Saturday, January 14, 2012

Photographer: Robert Misrach

Whilst pulling together the final images for Assignment 3 I was conscious of the fact that I had accumulated a series of photographs of the early morning sky.  These did not sit well alongside the images I was developing for the book or for the final assignment set, however, they interested me and were an important representation of the experience of early morning light in the Englischer Garten.  Part of what inspired me to turn my camera upwards is a uniquely beautiful volume of photographs by Robert Misrach, entitled "The Sky Book".



This is a very special book, both for the photography, but for the place it has in my heart.  My father died 4 years ago, too early at the age of 67, from a post operative infection during a procedure that cured him of cancer, but also of life.  He fought the infection for 6 months, during which time he seemed to recede from the intellectually robust argumentative retired particle physicist that I remember, into a shadow.  During this time he kept this book close, there was something in Misrach's photos of infinity that provided comfort and perhaps a place in the grand scheme of things. After he died my mother gave me the book and I have treasured it ever since.  It is a little battered, clearly a book that has been read and not simply looked at.

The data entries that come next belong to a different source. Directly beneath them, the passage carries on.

Theorem theorem1 (R : realFieldType) (n : nat) (hn : (1 <= n)%N) :
  (forall (Om : 'I_n -> finType), (forall i, 0 < #|Om i|)%N ->
   forall (M : R) (f : Omega Om -> R),
     0 <= M -> (forall x, 0 <= f x <= M) -> WNC f ->
     kappa Om R < 1 /\ AS f <= M ^+ 2 / (4 * (1 - kappa Om R)))
  /\
  (forall (k : nat), (2 <= k)%N -> forall g : cube n k -> 'I_k, NC g ->
     AS (fun x => ((g x : nat)%:R : R))
       <= (k%:R - 1) ^+ 2 / (4 * (1 - (k%:R - 1) / k%:R))).
Proof.
split=> [Om Om_gt0 M f _ f_range wnc | k k2 g ncg].
  by split; [exact: kappa_lt1 | exact: AS_WNC_le].
have k_gt0 : (0 < k)%N by lia.
have g_range x : 0 <= ((g x)%:R : R) <= k%:R - 1.
  by rewrite ler0n lerBrDr natr1 ler_nat /=.
rewrite -(@kappa_cube n k R hn k_gt0); apply: AS_WNC_le g_range (NC_WNC R k_gt0 ncg) => i.
by rewrite card_ord.
Qed.
(* Let $\mathcal{LS}_{\mathfrak{A}_1}\langle X\rangle$ be the free algebra over a field of characteristic $0$ in the variety of left-symmetric algebras satisfying $(ab)c+(ba)c+(ac)b+(ca)b+(bc)a+(cb)a=0$, and equip it with the anticommutator $\{a,b\}=ab+ba$. Then every polynomial identity of degree at most $4$ satisfied by $(\mathcal{LS}_{\mathfrak{A}_1}\langle X\rangle,\{\cdot,\cdot\})$ is a consequence of commutativity.
   Context: A left-symmetric algebra is an algebra with $(a,b,c)=(b,a,c)$, where $(a,b,c)=(ab)c-a(bc)$. *)

From HB Require Import structures.
From mathcomp Require Import all_boot all_order all_algebra.
Set Implicit Arguments. Unset Strict Implicit. Unset Printing Implicit Defensive.
Import GRing.Theory.
Local Open Scope ring_scope.

(* Syntactic nonassociative polynomials over F in the countably many
   variables x_0, x_1, ... (the set X is identified with nat). *)
Inductive term (F : Type) : Type :=
  | tvar of nat
  | tzero
  | tadd of term F & term F
  | tscale of F & term F
  | tmul of term F & term F.
Arguments tzero {F}.
Arguments tvar {F} _%_N.

Section Terms.
Variable F : fieldType.
Local Notation term := (term F).

Definition tsub (a b : term) : term := tadd a (tscale (-1) b).

Fixpoint subst (s : nat -> term) (t : term) : term :=
  match t with
  | tvar i => s i
  | tzero => tzero
  | tadd a b => tadd (subst s a) (subst s b)
  | tscale c a => tscale c (subst s a)
  | tmul a b => tmul (subst s a) (subst s b)
  end.

Fixpoint anti_eval (s : nat -> term) (t : term) : term :=
  match t with
  | tvar i => s i
  | tzero => tzero
  | tadd a b => tadd (anti_eval s a) (anti_eval s b)
  | tscale c a => tscale c (anti_eval s a)
  | tmul a b => let u := anti_eval s a in let v := anti_eval s b in
                tadd (tmul u v) (tmul v u)
  end.

(* syntactic degree; every element of the free algebra lying in the span of
   monomials of degree <= d has a representative with tdeg <= d *)
Fixpoint tdeg (t : term) : nat :=
  match t with
  | tvar _ => 1
  | tzero => 0
  | tadd a b => maxn (tdeg a) (tdeg b)
  | tscale _ a => tdeg a
  | tmul a b => tdeg a + tdeg b
  end.

(* teq S a b : a = b in the free nonassociative algebra F<X> modulo the
   T-ideal generated by the identities S (i.e. in the relatively free algebra
   of the variety defined by S). *)
Inductive teq (S : term -> Prop) : term -> term -> Prop :=
  | teq_refl a : teq S a a
  | teq_sym a b : teq S a b -> teq S b a
  | teq_trans a b c : teq S a b -> teq S b c -> teq S a c
  | teq_add a a' b b' : teq S a a' -> teq S b b' -> teq S (tadd a b) (tadd a' b')
  | teq_scale c a a' : teq S a a' -> teq S (tscale c a) (tscale c a')
  | teq_mul a a' b b' : teq S a a' -> teq S b b' -> teq S (tmul a b) (tmul a' b')
  | teq_addA a b c : teq S (tadd a (tadd b c)) (tadd (tadd a b) c)
  | teq_addC a b : teq S (tadd a b) (tadd b a)
  | teq_add0 a : teq S (tadd tzero a) a
  | teq_addN a : teq S (tadd a (tscale (-1) a)) tzero
  | teq_scale1 a : teq S (tscale 1 a) a
  | teq_scaleA c d a : teq S (tscale c (tscale d a)) (tscale (c * d) a)
  | teq_scaleDr c a b : teq S (tscale c (tadd a b)) (tadd (tscale c a) (tscale c b))
  | teq_scaleDl c d a : teq S (tscale (c + d) a) (tadd (tscale c a) (tscale d a))
  | teq_mulDl a b c : teq S (tmul (tadd a b) c) (tadd (tmul a c) (tmul b c))
  | teq_mulDr a b c : teq S (tmul a (tadd b c)) (tadd (tmul a b) (tmul a c))
  | teq_mulZl c a b : teq S (tmul (tscale c a) b) (tscale c (tmul a b))
  | teq_mulZr c a b : teq S (tmul a (tscale c b)) (tscale c (tmul a b))
  | teq_id f s : S f -> teq S (subst s f) tzero.

Definition tx0 : term := tvar 0%N.
Definition tx1 : term := tvar 1%N.
Definition tx2 : term := tvar 2%N.

Definition tassoc (a b c : term) : term := tsub (tmul (tmul a b) c) (tmul a (tmul b c)).

Definition ls_id : term := tsub (tassoc tx0 tx1 tx2) (tassoc tx1 tx0 tx2).

Definition A1_id : term :=
  tadd (tmul (tmul tx0 tx1) tx2) (tadd (tmul (tmul tx1 tx0) tx2)
  (tadd (tmul (tmul tx0 tx2) tx1) (tadd (tmul (tmul tx2 tx0) tx1)
  (tadd (tmul (tmul tx1 tx2) tx0) (tmul (tmul tx2 tx1) tx0))))).

Definition LSA1 (f : term) : Prop := f = ls_id \/ f = A1_id.

Definition comm_ids (f : term) : Prop := f = tsub (tmul tx0 tx1) (tmul tx1 tx0).

Definition is_anti_identity_LSA1 (f : term) : Prop :=
  forall s : nat -> term, teq LSA1 (anti_eval s f) tzero.

Definition consequence_of_comm (f : term) : Prop := teq comm_ids f tzero.

End Terms.

From HB Require Import structures.
From mathcomp Require Import all_boot all_order all_algebra.
From mathcomp Require Import zify ring.
From Stdlib Require Import Setoid Morphisms.
Set Implicit Arguments. Unset Strict Implicit. Unset Printing Implicit Defensive.
Import GRing.Theory.
Local Open Scope ring_scope.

As I worked towards the final group of images for the assignment, I found myself drawn to this volume over again.  Misrach images the sky in all its glory, but in the caption for the photographs refers to the location for the photo, the only clue in the colour studies that a ground was present.  These are pure studies of colour and sky.  The only time that solid matter enters the images is through the presence of planets or stars in long exposure star-trail images.  I suspect it was these photographs that drew my father, he was a long time amateur astronomer and his ashes can be found in the garden beneath the spot his telescope once stood.  For me, though it is the sky images that draw, the subtle colour gradations of twilight and the fierce orange glow of sunset.  Individually the photographs might be considered banal, another snap of a sunset, oh wow!  Together they resonate and build upon each other into a astonishing array of natural colour.  In fact at times it is hard to accept that they are photographs, they abstract into paintings of pure light and colour.

In my Transient Light study, I have almost always tried to bring the camera down, to look at how the light from the sky is interacting with the ground mist and water.  I frequently crop to eliminate the tops of trees and thus the sky, pushing the viewer into the photograph.  In a sense I am attempting the opposite of what Misrach is doing.  He eliminates trace of the ground to contemplate the origin of light; I have eliminated the sky to bring focus to the destination of the light.

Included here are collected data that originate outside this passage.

Lemma linked_equiv X : {in [set: 'I_n] & &, equivalence_rel (linked X)}.
Proof.
move=> x y z _ _ _; split; first exact: linked_refl.
by move=> xy; apply/idP/idP; apply: linked_trans; rewrite // linked_sym.
Qed.

Lemma linpart_of_partition X : partition (linpart_of X) [set: 'I_n].
Proof. exact: equivalence_partitionP (linked_equiv X). Qed.

Lemma pblock_linpart_of X x y : (y \in pblock (linpart_of X) x) = linked X x y.
Proof. by rewrite pblock_equivalence_partition ?inE //; apply: linked_equiv. Qed.

Lemma linpart_of_linpart X : linpart (linpart_of X).
Proof.
rewrite /linpart linpart_of_partition; apply/forallP=> B; apply/implyP=> /imsetP[x _ ->].
apply/forallP=> a; apply/implyP; rewrite inE => /andP[_ xa].
apply/forallP=> b; apply/implyP; rewrite inE => /andP[_ xb].
apply/forallP=> c; apply/implyP=> le_acb; rewrite !inE /=.
have ab : linked X a b by apply: linked_trans xb; rewrite linked_sym.
by apply: (linked_trans xa); apply: (linked_sub ab); lia.
Qed.

Lemma links_linpart_of X : links (linpart_of X) = X :&: gaps.
Proof.
apply/setP=> i; rewrite mem_links ?linpart_of_partition // pblock_linpart_of !inE.
by case: (posnP i) => [|i_gt0]; rewrite ?andbF // andbT linked_gap.
Qed.

Lemma linpart_ofK P : linpart P -> linpart_of (links P) = P.
Proof.
move=> linP; rewrite -{2}(equivalence_partition_pblock (linpart_partition linP)).
by apply: eq_imset => x; apply/setP=> y; rewrite !inE pblock_linksE.
Qed.

Lemma links_inj : {in @linpart n &, injective links}.
Proof. by move=> I J linI linJ eqIJ; rewrite -(linpart_ofK linI) eqIJ linpart_ofK. Qed.

Lemma lp_le_pblock I J : partition I [set: 'I_n] -> partition J [set: 'I_n] ->
  lp_le I J = [forall x, pblock I x \subset pblock J x].
Proof.
move=> partI partJ; have [_ trivI _] := and3P partI; have [_ trivJ _] := and3P partJ.
apply/forallP/forallP=> [IJ x | IJ B].
  have /existsP[S /andP[SI /eqP JxS]] := implyP (IJ (pblock J x)) (pblockT partJ x).
  have : x \in cover S by rewrite -JxS mem_pblockT.
  case/bigcupP=> C CS xC; rewrite JxS (def_pblock trivI (subsetP SI C CS) xC).
  exact: bigcup_sup.
apply/implyP=> BJ; apply/existsP; exists [set C in I | C \subset B].
apply/andP; split; first by apply/subsetP=> C; rewrite inE => /andP[].
apply/eqP/setP=> x; apply/idP/bigcupP=> [xB|[C]].
  exists (pblock I x); last exact: mem_pblockT.
  by rewrite inE pblockT // -(def_pblock trivJ BJ xB) IJ.
by rewrite inE => /andP[_ /subsetP]; apply.
Qed.

Lemma lp_le_links I J : linpart I -> linpart J -> lp_le I J = (links I \subset links J).
Proof.
move=> linI linJ; have partI := linpart_partition linI; have partJ := linpart_partition linJ.
rewrite lp_le_pblock //; apply/forallP/subsetP=> [IJ i | IJ x].
  by rewrite !mem_links // => /andP[-> iI]; apply: subsetP (IJ _) _ iI.
by apply/subsetP=> y; rewrite !pblock_linksE //; apply: linked_mono; apply/subsetP.
Qed.

End LinearPartitions.

Local Open Scope ring_scope.

Section Toggle.
Variable T : finType.
Implicit Types (j : T) (X Y : {set T}).

Definition toggle j X := if j \in X then X :\ j else j |: X.

Lemma mem_toggle j X k : (k \in toggle j X) = (k == j) (+) (k \in X).
Proof.
rewrite /toggle; case: (boolP (j \in X)) => jX; rewrite !inE;
  by case: eqVneq => [->|]; rewrite ?jX.
Qed.

Lemma toggleK j : involutive (toggle j).
Proof. by move=> X; apply/setP=> k; rewrite !mem_toggle addbA addbb. Qed.

Lemma toggle_subset j X Y : j \in Y -> (toggle j X \subset Y) = (X \subset Y).
Proof.
move=> jY; apply/subsetP/subsetP=> XY k; have [-> _ //|kj] := eqVneq k j;
  by move: (XY k); rewrite mem_toggle (negbTE kj).
Qed.

Lemma subset_toggle j X Y : j \notin Y -> (Y \subset toggle j X) = (Y \subset X).
Proof.
move=> jY; apply/subsetP/subsetP=> YX k kY; have kj : k != j by apply: contraNneq jY => <-.
  by move: (YX k kY); rewrite mem_toggle (negbTE kj).
by rewrite mem_toggle (negbTE kj) YX.
Qed.

Lemma toggleU j X Y : j \in Y -> toggle j X :|: Y = X :|: Y.
Proof.
by move=> jY; apply/setP=> k; rewrite !inE mem_toggle; case: eqVneq => [->|]; rewrite ?jY ?orbT.
Qed.

Lemma toggleD j X Y : j \notin Y -> toggle j X :\: Y = toggle j (X :\: Y).
Proof.
move=> jY; apply/setP=> k; rewrite !(inE, mem_toggle).
by case: eqVneq => [->|]; rewrite ?(negbTE jY).
Qed.

Lemma setD_toggle j X Y : j \in X -> X :\: toggle j Y = toggle j (X :\: Y).
Proof.
move=> jX; apply/setP=> k; rewrite !(inE, mem_toggle).
by case: eqVneq => [->|]; rewrite ?jX //; case: (j \in Y).
Qed.

Lemma sign_toggle (R : pzRingType) j X : (-1) ^+ #|toggle j X| = - (-1) ^+ #|X| :> R.
Proof.
rewrite /toggle; case: (boolP (j \in X)) => jX; last by rewrite cardsU1 jX exprS mulN1r.
by rewrite [in RHS](cardsD1 j X) jX exprS mulN1r opprK.
Qed.

Lemma sum_toggle_eq0 (V : zmodType) j (P : pred {set T}) (F : {set T} -> V) :
    (forall X, P (toggle j X) = P X) -> (forall X, P X -> F (toggle j X) = - F X) ->
  \sum_(X | P X) F X = 0.
Proof.
move=> Ptog Ftog; rewrite (bigID (fun X => j \in X)) /=.
rewrite (reindex_inj (inv_inj (toggleK j))) /=.
rewrite (eq_big (fun X => P X && (j \notin X)) (fun X => - F X)) ?sumrN ?addNr //.
  by move=> X; rewrite Ptog mem_toggle eqxx.
by move=> X; rewrite Ptog => /andP[PX _]; apply: Ftog.
Qed.

End Toggle.

Section MobiusIdempotents.
Variables (I : finType) (R : pzRingType) (e : I -> R) (D : {set I}).
Hypothesis e_idem : {in D, forall i, e i * e i = e i}.
Hypothesis e_comm : {in D &, forall i j, GRing.comm (e i) (e j)}.
Implicit Types (S U X : {set I}).

Definition eprod X : R := \prod_(i in X) e i.

Definition mobius_eprod S : R :=
  \sum_(X : {set I} | (S \subset X) && (X \subset D)) (-1) ^+ #|X :\: S| * eprod X.

Lemma eprodU X U : X \subset D -> U \subset D -> eprod X * eprod U = eprod (X :|: U).
Proof.
move=> /subsetP XD /subsetP UD.
have mkcond Y : eprod Y = \prod_i (if i \in Y then e i else 1) by rewrite /eprod big_mkcond.
rewrite !mkcond -prodrM_comm.
  apply: eq_bigr => i _; rewrite inE.
  by case: ifP => iX; case: ifP => iU; rewrite /= ?mulr1 ?mul1r // e_idem ?XD.
move=> i j _ _; case: ifP => iX; case: ifP => jU; rewrite /GRing.comm ?mulr1 ?mul1r //.
exact: e_comm (XD _ iX) (UD _ jU).
Qed.

Lemma commr_eprod x X : X \subset D -> {in D, forall i, GRing.comm x (e i)} ->
  GRing.comm x (eprod X).
Proof. by move=> /subsetP XD xe; apply: commr_prod => i /XD; apply: xe. Qed.

Lemma commr_mobius_eprod x S : {in D, forall i, GRing.comm x (e i)} ->
  GRing.comm x (mobius_eprod S).
Proof.
move=> xe; apply: commr_sum => X /andP[_ XD].
by apply: commrM; [apply: commr_sign | apply: commr_eprod].
Qed.

Lemma mobius_eprod_commr S S' : GRing.comm (mobius_eprod S) (mobius_eprod S').
Proof.
apply: commr_mobius_eprod => i iD; apply/commr_sym/commr_mobius_eprod => j jD.
exact: e_comm.
Qed.

Lemma mobius_eprodE S U : S \subset D -> U \subset D ->
  mobius_eprod S * eprod U = if U \subset S then mobius_eprod S else 0.
Proof.
move=> SD UD; rewrite /mobius_eprod mulr_suml; case: ifP => US.
  apply: eq_bigr => X /andP[SX XD]; rewrite -mulrA eprodU //.
  by rewrite (setUidPl (subset_trans US SX)).
(* Toggling some j in U :\: S pairs off the terms with opposite signs. *)
have /subsetPn[j jU jS] := negbT US.
have jD : j \in D by apply: (subsetP UD).
apply: (@sum_toggle_eq0 _ _ j) => [X|X /andP[SX XD]].
  by rewrite subset_toggle // toggle_subset.
rewrite -!mulrA !eprodU ?toggle_subset // toggleU // toggleD //.
by rewrite sign_toggle mulNr.
Qed.

Lemma mulr_mobius_eprod S S' : S \subset D ->
  mobius_eprod S * mobius_eprod S' =
  \sum_(X : {set I} | (S' \subset X) && (X \subset D))
     (-1) ^+ #|X :\: S'| * (if X \subset S then mobius_eprod S else 0).
Proof.
move=> SD; rewrite {2}/mobius_eprod mulr_sumr; apply: eq_bigr => X /andP[_ XD].
by rewrite mulrA commr_sign -mulrA mobius_eprodE.
Qed.

Lemma mobius_eprod_idem S : S \subset D -> mobius_eprod S * mobius_eprod S = mobius_eprod S.
Proof.
move=> SD; rewrite mulr_mobius_eprod // (bigD1 S) ?subxx //= setDv cards0 mul1r.
rewrite big1 ?addr0 // => X /andP[/andP[SX _] XS].
by rewrite ifN ?mulr0 //; apply: contra XS => XS; rewrite eqEsubset XS.
Qed.

Lemma mobius_eprod_orth S S' : S \subset D -> ~~ (S' \subset S) ->
  mobius_eprod S * mobius_eprod S' = 0.
Proof.
move=> SD S'S; rewrite mulr_mobius_eprod // big1 // => X /andP[S'X _].
by rewrite ifN ?mulr0 //; apply: contra S'S; apply: subset_trans.
Qed.

Lemma mobius_eprodM S S' : S \subset D -> S' \subset D ->
  mobius_eprod S * mobius_eprod S' = if S == S' then mobius_eprod S else 0.
Proof.
move=> SD S'D; have [<-|neqSS'] := eqVneq; first exact: mobius_eprod_idem.
have [S'S|/(mobius_eprod_orth SD)//] := boolP (S' \subset S).
rewrite mobius_eprod_commr mobius_eprod_orth //.
by apply: contra neqSS' => SS'; rewrite eqEsubset SS'.
Qed.

Lemma sum_mobius_eprod : \sum_(S : {set I} | S \subset D) mobius_eprod S = 1.
Proof.
rewrite /mobius_eprod (exchange_big_dep (fun X => X \subset D)) /=;
  last by move=> ? ? _ /andP[].
rewrite (bigD1 set0) ?sub0set //= (big_pred1 set0) => [|S]; last first.
  by rewrite /= subset0 andbC; case: eqP => // ->; rewrite sub0set.
rewrite setD0 cards0 mul1r /eprod big_set0 big1 ?addr0 // => X /andP[XD /set0Pn[j jX]].
rewrite -mulr_suml (@sum_toggle_eq0 _ _ j) ?mul0r // => [S|S _].
  by rewrite !toggle_subset // (subsetP XD).
by rewrite setD_toggle // sign_toggle.
Qed.

End MobiusIdempotents.

Lemma sum_linpart n (V : nmodType) (Q : pred {set 'I_n}) (F : {set 'I_n} -> V) :
  \sum_(P : {set {set 'I_n}} | linpart P && Q (links P)) F (links P) =
  \sum_(X : {set 'I_n} | (X \subset gaps n) && Q X) F X.
Proof.
rewrite (reindex_onto (@linpart_of n) (@links n)) => [|P /andP[linP _]];
  last exact: linpart_ofK.
apply: eq_big => [X|X /andP[_ /eqP->]] //.
rewrite linpart_of_linpart links_linpart_of /=.
have [Xgaps|nXgaps] := boolP (X \subset gaps n); first by rewrite (setIidPl Xgaps) eqxx andbT.
apply/negbTE/nandP; right.
by apply: contra nXgaps => /eqP <-; apply: subsetIr.
Qed.

Lemma EE_eprod (A : pzRingType) n (e : nat -> A) (P : {set {set 'I_n}}) :
  EE e P = eprod (fun i : 'I_n => e i) (links P).
Proof. by apply: eq_bigl => i; rewrite inE. Qed.

Lemma EEbb_mobius (A : pzRingType) n (e : nat -> A) (I : {set {set 'I_n}}) : linpart I ->
  EEbb e I = mobius_eprod (fun i : 'I_n => e i) (gaps n) (links I).
Proof.
move=> linI; rewrite /EEbb.
rewrite (eq_big (fun J => linpart J && (links I \subset links J))
  (fun J => (-1) ^+ #|links J :\: links I| * eprod (fun i : 'I_n => e i) (links J)))
  => [|J|J /andP[linJ IJ]].
- rewrite (sum_linpart (fun X => links I \subset X)
    (fun X => (-1) ^+ #|X :\: links I| * eprod (fun i : 'I_n => e i) X)).
  by apply: eq_bigl => X; rewrite andbC.
- by case linJ: (linpart J); rewrite // lp_le_links.
rewrite EE_eprod lp_le_links // in IJ *; congr (_ ^+ _ * _).
have := subset_leq_card IJ; have := max_card (links J); rewrite card_ord.
by rewrite !card_linpart // cardsD (setIidPr IJ); lia.
Qed.

Theorem proposition5p8 (n : nat) (A : algType Cplx) (q qi : A)
  (e z : nat -> A)
  (Hqi : q * qi = 1 /\ qi * q = 1)
  (Hqc : forall x : A, q * x = x * q)
  (He2 : forall i, (0 < i < n)%N -> e i * e i = e i)
  (Hee : forall i j, (0 < i < n)%N -> (0 < j < n)%N -> e i * e j = e j * e i)
  (Hbr : forall i j, (0 < i < n)%N -> (0 < j < n)%N ->
           (i == j.+1)%N || (j == i.+1)%N -> z i * z j * z i = z j * z i * z j)
  (Hzc : forall i j, (0 < i < n)%N -> (0 < j < n)%N ->
           (i.+1 < j)%N || (j.+1 < i)%N -> z i * z j = z j * z i)
  (Hez : forall i, (0 < i < n)%N -> e i * z i = z i)
  (Hezc : forall i j, (0 < i < n)%N -> (0 < j < n)%N -> e i * z j = z j * e i)
  (Hquad : forall i, (0 < i < n)%N -> z i * z i = e i + (q - qi) * z i) :
  (* (1) complete set of central pairwise orthogonal idempotents *)
  ((forall I : {set {set 'I_n}}, linpart I -> EEbb e I * EEbb e I = EEbb e I)
   /\ (forall I J : {set {set 'I_n}}, linpart I -> linpart J -> I != J ->
         EEbb e I * EEbb e J = 0)
   /\ (forall I : {set {set 'I_n}}, linpart I -> forall i, (0 < i < n)%N ->
         EEbb e I * e i = e i * EEbb e I /\ EEbb e I * z i = z i * EEbb e I)
   /\ \sum_(I : {set {set 'I_n}} | linpart I) EEbb e I = 1)
  /\
  (* (2) *)
  (forall I J : {set {set 'I_n}}, linpart I -> linpart J ->
     EEbb e I * EE e J = (if lp_le J I then EEbb e I else 0)).
Proof.
have gapsP (i : 'I_n) : i \in gaps n -> (0 < i < n)%N by rewrite inE ltn_ord andbT.
pose e' (i : 'I_n) := e i.
have e_idem : {in gaps n, forall i, e' i * e' i = e' i} by move=> i /gapsP; apply: He2.
have e_comm : {in gaps n &, forall i j, GRing.comm (e' i) (e' j)}.
  by move=> i j /gapsP iP /gapsP jP; apply: Hee.
have mobiusM := mobius_eprodM e_idem e_comm (links_sub _) (links_sub _).
split; [split; [|split; [|split]] |] => [I linI|I J linI linJ neqIJ|I linI i iP|
  |I J linI linJ].
- by rewrite EEbb_mobius // mobiusM eqxx.
- by rewrite !EEbb_mobius // mobiusM (inj_in_eq (@links_inj n)) // (negbTE neqIJ).
- rewrite EEbb_mobius //; split; apply/esym/commr_mobius_eprod => j /gapsP jP.
    exact: Hee.
  exact/esym/Hezc.
- rewrite -(sum_mobius_eprod e' (gaps n)).
  rewrite (eq_bigl (fun X : {set 'I_n} => (X \subset gaps n) && predT X)) => [|X];
    last by rewrite andbT.
  rewrite -(sum_linpart predT (mobius_eprod e' (gaps n))).
  by apply: eq_big => [I|I linI]; [rewrite andbT | apply: EEbb_mobius].
- by rewrite EEbb_mobius // EE_eprod (mobius_eprodE e_idem e_comm) ?links_sub // lp_le_links.
Qed.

However, I did not keep my camera pointed downwards, the sky pulled me to look up.  My own efforts at imaging the sky seem rather futile in comparison, but, I start somewhere.  Following is a montage of 20 photographs of the sky captured during my time in the park.  Unlike Misrach I have mostly anchored the photographs in the silhouette of the trees in the park.  

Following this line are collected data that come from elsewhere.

Lemma zblock_sq n (A : 'M[F]_n) (b : bool) :
  A * A = (-1) ^+ b -> zblock A * zblock A = (-1) ^+ b.
Proof.
move=> AA; rewrite zblockM AA.
by case: (b); rewrite ?block_mx1 // -block_mx1 opp_block_mx oppr0.
Qed.

Lemma zblock_xblock n (A : 'M[F]_n) : zblock A * xblock n = - (xblock n * zblock A).
Proof. by rewrite -!mulmxE !mul_block. Qed.

Lemma zblock_yblock n (A : 'M[F]_n) : zblock A * yblock n = - (yblock n * zblock A).
Proof. by rewrite -!mulmxE !mul_block. Qed.

Lemma xblock_yblock n : xblock n * yblock n = - (yblock n * xblock n).
Proof. by rewrite -!mulmxE !mul_block. Qed.

Lemma xblock_sq n : xblock n * xblock n = 1.
Proof. by rewrite -!mulmxE !mul_block block_mx1. Qed.

Lemma yblock_sq n : yblock n * yblock n = -1.
Proof. by rewrite -!mulmxE !mul_block -block_mx1 !mul_block. Qed.

Lemma scale_anti n (A B : 'M[F]_n) c d : A * B = - (B * A) ->
  (c *: A) * (d *: B) = - ((d *: B) * (c *: A)).
Proof.
by move=> AB; rewrite -!mulmxE -!scalemxAl -!scalemxAr !mulmxE AB !scalerN !scalerA mulrC.
Qed.

Variable sg : nat -> bool.

(* 2h anticommuting matrices of size 2^h whose squares are (-1)^(~~ sg j); the
   scalar im corrects the squares of xblock and yblock where needed. *)
Fixpoint jw h : nat -> 'M[F]_(iter h (fun m => m + m) 1)%N :=
  match h with
  | 0 => fun=> 0
  | h'.+1 => fun j =>
      if (j < h'.*2)%N then zblock (jw h' j)
      else if j == h'.*2 then (if sg j then 1 else im) *: xblock _
      else (if sg j then im else 1) *: yblock _
  end.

Although there is far less variety of image, and cloud is a key element of my photographs, I was surprised when pulling this set together at the variety of colour and form in the sky.  Planes make a significant presence, perhaps tying the images back to the city and humanity that frame the park.

I plan to continue my study of this small section of park, expanding the original idea of studying the mist into a broader study that brings in additional elements to the work, currently:
  • Sky - further this study of the dawn sky
  • Water - reflections and patterns
  • Mist - Transient Light as it currently stands
  • Trees - expand the inclusion of the trees
  • City - extend to include the buildings fringing the park
  • Park - broader landscape images
  • People - imagery that captures people
I will keep the attention on the dawn, all photos will be in that short span either side of the physical sun rise in the park.